Washington, D.C., April 12, 1893.
My dear good friend:
I regret much to be obliged to communicate with you by the hand of another, but my poor life seems to be fixed by fate on the down grade, and at present there is no encouragement to believe that the future has anything better in store for me.
I send you a number of the North American Review containing the correspondence to which you refer between General Speed and myself. In it there is also a detached printed letter of Colonel Brown which is important. And I must ask that both this letter and the number of the Review be carefully preserved and after their perusal by your friend be returned to me, as I have no other copies and wish to preserve these. I am sorry that the sad circumstances of my condition prevent me from thanking you in person for your continued interest in my reputation which has been so basely assailed, but I trust as triumphantly vindicated.
I thank you sincerely for what you have said of Mrs. Kearny. It would be a great gratification to me to have an interview with her on the long, long ago, but this is a pleasure which I now have no encouragement to promise myself.
Believe me most grateful for the repeated calls and inquiries as to my health which you have been so good as to make. Such calls are precious fountains of consolation that will not go dry.
Very sincerely your friend,
J. Holt.
It has been asserted upon high authority that after the conviction and sentence of Mrs. Surratt her daughter Anna, as well as Catholic priests and prominent men in Washington, attempted to see the President in order to intercede for executive clemency in her behalf, but were denied admission by Preston King, Collector of the Port of New York and then a guest at the White House, and by U.S. Senator James Lane of Kansas. It has also been said that Mrs. Stephen A. Douglas succeeded in reaching the President by pushing herself past the guards, but her attempts in behalf of the condemned woman were fruitless.

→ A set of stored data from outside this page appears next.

Local Notation ChH := (chH cH wage B tb).
Local Notation gda := (gda cD cH wage B tb).
Implicit Types (Q : profile D C) (Y Rj : {set C}).

Lemma chH_mem Y x : (x \in ChH Y) = (x \in Ch (cH x) Y).
Proof.
apply/bigcupP/idP => [[h _ xCh]|xCh]; last by exists (cH x); rewrite ?chh_restrH.
by have [_ xh] := chh_sub xCh; rewrite -chh_restrH xh.
Qed.

Lemma chH_sub Y x : x \in ChH Y -> x \in Y.
Proof. by rewrite chH_mem => /chh_sub[]. Qed.

Lemma chH_substitutable Y Y' x : Y \subset Y' -> x \in Y -> x \in ChH Y' -> x \in ChH Y.
Proof.
move=> /subsetP YY' xY; rewrite !chH_mem; apply: chh_substitutable xY => // y yY _.
exact: YY'.
Qed.

Lemma chH_restrH_id h Y : ChH Y = Y -> Ch h (restrH cH h Y) = restrH cH h Y.
Proof.
move=> ChY; apply/setP=> x; rewrite chh_restrH inE.
have [<-|xh] := eqVneq (cH x) h; first by rewrite -chH_mem ChY andbT.
by rewrite andbF; apply/negP=> /chh_sub[_ /eqP]; rewrite (negbTE xh).
Qed.

Definition offers Q Y h := [set x | (cH x == h) &&
  ((x \in Y) || Q (cD x) (Some x) (outcome cD Y (cD x)))].

(* Stability in the sense of Hatfield and Milgrom, relative to the choice functions. *)
Definition choice_stable Q Y := [/\ is_matching cD Y,
  forall x, x \in Y -> Q (cD x) (Some x) None & forall h, Ch h (offers Q Y h) = restrH cH h Y].

Lemma restrH_offers Q Y h : restrH cH h Y \subset offers Q Y h.
Proof. by apply/subsetP=> x; rewrite !inE => /andP[-> ->]. Qed.

Lemma choice_stable_restrH_id Q Y h : choice_stable Q Y -> Ch h (restrH cH h Y) = restrH cH h Y.
Proof. by case=> _ _ ChY; rewrite (@chh_sandwich h (offers Q Y h)) ?ChY ?restrH_offers. Qed.

Section Run.
Variable Q : profile D C.
Hypothesis Q_valid : valid_profile cD Q.

Definition proposals Rj := chD cD Q (~: Rj).

Definition next_rejected Rj := Rj :|: (proposals Rj :\: ChH (proposals Rj)).

Definition round_invariant (Inv : {set C} -> Prop) :=
  forall Rj, Inv Rj -> proposals Rj != ChH (proposals Rj) -> Inv (next_rejected Rj).

Lemma gda_loop_spec n Rj0 : (#|~: Rj0| < n)%N ->
  exists Rj, [/\ forall Inv, round_invariant Inv -> Inv Rj0 -> Inv Rj,
    ChH (proposals Rj) = proposals Rj & gda_loop cD cH wage B tb Q n Rj0 = proposals Rj].
Proof.
elim: n Rj0 => [//|n IH] Rj0 /= Rj0n; rewrite -/(proposals Rj0).
have [final|running] := eqVneq (proposals Rj0) (ChH (proposals Rj0)).
  by exists Rj0; split.
have : (#|~: next_rejected Rj0| < #|~: Rj0|)%N.
  apply: proper_card; rewrite properE setCS subsetUl /=.
  have [x xY xZ] : exists2 x, x \in proposals Rj0 & x \notin ChH (proposals Rj0).
    apply/subsetPn; apply: contra running => sub.
    by rewrite eqEsubset sub; apply/subsetP=> x /chH_sub.
  apply/subsetPn; exists x; first exact: (chD_sub Q_valid xY).
  by rewrite !inE xY xZ orbT.
move=> /leq_trans /(_ Rj0n) /IH[Rj [inv fixed ->]].
by exists Rj; split=> // Inv round Inv0; apply: inv => //; apply: round.
Qed.

Lemma gda_spec : exists Rj, [/\ forall Inv, round_invariant Inv -> Inv set0 -> Inv Rj,
  ChH (proposals Rj) = proposals Rj & gda Q = proposals Rj].
Proof. by apply: gda_loop_spec; rewrite setC0 cardsT. Qed.

Lemma proposals_mono Rj Rj' x : Rj \subset Rj' -> x \in proposals Rj ->
  (x \in Rj') || (x \in proposals Rj').
Proof.
move=> sub xY; have [//|xR] := boolP (x \in Rj').
rewrite /proposals chD_mem // inE xR (chD_acceptable Q_valid xY) /=.
apply/forallP=> y; apply/implyP=> /andP[/andP[yR /eqP yx] ne].
apply: (chD_best Q_valid xY) => //.
by move: yR; rewrite !inE; apply: contra; apply: (subsetP sub).
Qed.

(* Invariant: a rejected contract is never chosen from the rejected and proposed
   contracts together. *)
Lemma gda_choice_stable : choice_stable Q (gda Q).
Proof.
pose Inv Rj := forall x, x \in Rj -> x \notin ChH (Rj :|: proposals Rj).
have round : round_invariant Inv.
  move=> Rj InvR _ x; have sub : Rj \subset next_rejected Rj by apply: subsetUl.
  have grow : Rj :|: proposals Rj \subset next_rejected Rj :|: proposals (next_rejected Rj).
    rewrite subUset (subset_trans sub (subsetUl _ _)) /=.
    by apply/subsetP=> y yY; rewrite in_setU; apply: proposals_mono sub yY.
  rewrite !inE => /orP[xR|/andP[xZ xY]].
    by apply: contra (InvR x xR); apply: chH_substitutable; rewrite // inE xR.
  by apply: contra xZ; apply: chH_substitutable xY; apply: subset_trans grow; apply: subsetUr.
have [Rj [inv fixed ->]] := gda_spec.
have InvR : Inv Rj by apply: inv round _ => x; rewrite inE.
set Y := proposals Rj in fixed InvR *.
split=> [|x|h]; [exact: chD_matching | exact: chD_acceptable | set T := Rj :|: Y].
have ChT_Y : Ch h T \subset restrH cH h Y.
  apply/subsetP=> x xCh; have [xT xh] := chh_sub xCh; rewrite inE xh eqxx andbT.
  move: xT; rewrite inE => /orP[xR|//]; move: (InvR x xR).
  by rewrite chH_mem xh xCh.
have offers_T : offers Q Y h \subset T.
  apply/subsetP=> x; rewrite !inE => /andP[_ /orP[->|better]]; first by rewrite orbT.
  apply/orP; left; apply: contraLR better => xR.
  by apply: (chD_no_better Q_valid); rewrite inE.
rewrite (chh_sandwich (subset_trans ChT_Y (restrH_offers _ _ _)) offers_T).
rewrite -(chh_sandwich ChT_Y); first exact: chH_restrH_id.
by apply/subsetP=> x; rewrite !inE => /andP[-> _]; rewrite orbT.
Qed.
(* Let $\phi$ be a partial listing of $A$, let $\alpha'=\alpha_k\cdots\alpha_{l+1}$ be a prefix with $3\le l+1\le k$, and let $d$ be an integer with $0<d<a_2-1$. If $\alpha'd$ is non-empty, then $\alpha'(d-1)$ is non-empty, and $\alpha'(d+1)$ becomes non-empty after at most one further call to Next$(\varnothing)$.
   Context: Let $k\ge 2$ and let $a_k,\dots,a_2$ be positive integers with $a_2\le a_i$ for all $2<i\le k$. Let $A=[a_k]\times\cdots\times[a_2]$, where $[a]=\{0,\dots,a-1\}$; elements are written $\alpha=\alpha_k\alpha_{k-1}\cdots\alpha_2$. A prefix of $\alpha$ is $\alpha_k\cdots\alpha_{l+1}$ for some $2\le l+1\le k$; $\varnothing$ denotes the empty prefix; for a tuple $\beta=\alpha_k\cdots\alpha_{l+1}$ and $i$, $\beta i$ denotes $\alpha_k\cdots\alpha_{l+1}i$. An array $\phi:A\to\{0,1\}$ is initialized to $0$ everywhere. A tuple $\beta$ (a prefix or an element) is non-empty if some $\alpha\in A$ having $\beta$ as a prefix (or equal to $\beta$) has $\phi(\alpha)=1$, empty otherwise, and full if all such $\alpha$ have $\phi(\alpha)=1$. The procedure Next$(\beta)$, for $\beta=\alpha_k\cdots\alpha_{l+1}$ (with $l=k$ for $\beta=\varnothing$): let $m$ be the least $i$ such that $\beta i$ is empty; if $l=2$, set $\phi(\beta m):=1$ and stop; otherwise, if $m\ge a_2$, replace $m$ by the least $i$ such that $\beta i$ is not full; then call Next$(\beta m)$. A partial listing of $A$ is an array $\phi$ obtained from the all-zero array by finitely many calls of Next$(\varnothing)$. *)

From mathcomp Require Import all_boot.
Set Implicit Arguments. Unset Strict Implicit. Unset Printing Implicit Defensive.

(* The dimension list [a : seq nat] is [a_k; a_(k-1); ...; a_2] (so k = size a + 1,
   and a_2 = last 0 a).  A tuple alpha_k ... alpha_(l+1) is the sequence
   [alpha_k; ...; alpha_(l+1)]; beta i is [rcons beta i].  The array phi is a
   function [seq nat -> bool]; only its values on elements of A matter. *)

Definition inA (a : seq nat) (alpha : seq nat) : bool :=
  all2 (fun x n => x < n) alpha a.

Definition is_prefixA (a : seq nat) (beta : seq nat) : Prop :=
  exists alpha, inA a alpha /\ prefix beta alpha.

I knew Preston King very well and his political career interested me deeply. He was from St. Lawrence County, New York, and in my girlhood I often heard it asserted that the mantle of Silas Wright had fallen upon him. I saw much of him in 1849 when I was visiting the Scotts in Washington, and was particularly impressed by his exceptionally sensitive nature. General Scott once told me that at one period of his military career he was ordered to quell a disturbance between Canadians and Americans near Ogdensburg, the home of Mr. King, and that the latter was so seriously affected by the scenes he witnessed at that time that it was long before he recovered his normal condition of mind. During President Johnson's administration Mr. King, while Collector of the Port of New York, boarded a Jersey City ferry boat one morning, attached weights to his person and jumped into the river. When the news of his death reached me I was not surprised as I had seen evidences of his nervous temperament which might well result in acts indicative of an unbalanced mind. He was a man of big heart and exceptional ability, and in his death the State of New York lost one of her most gifted and distinguished sons.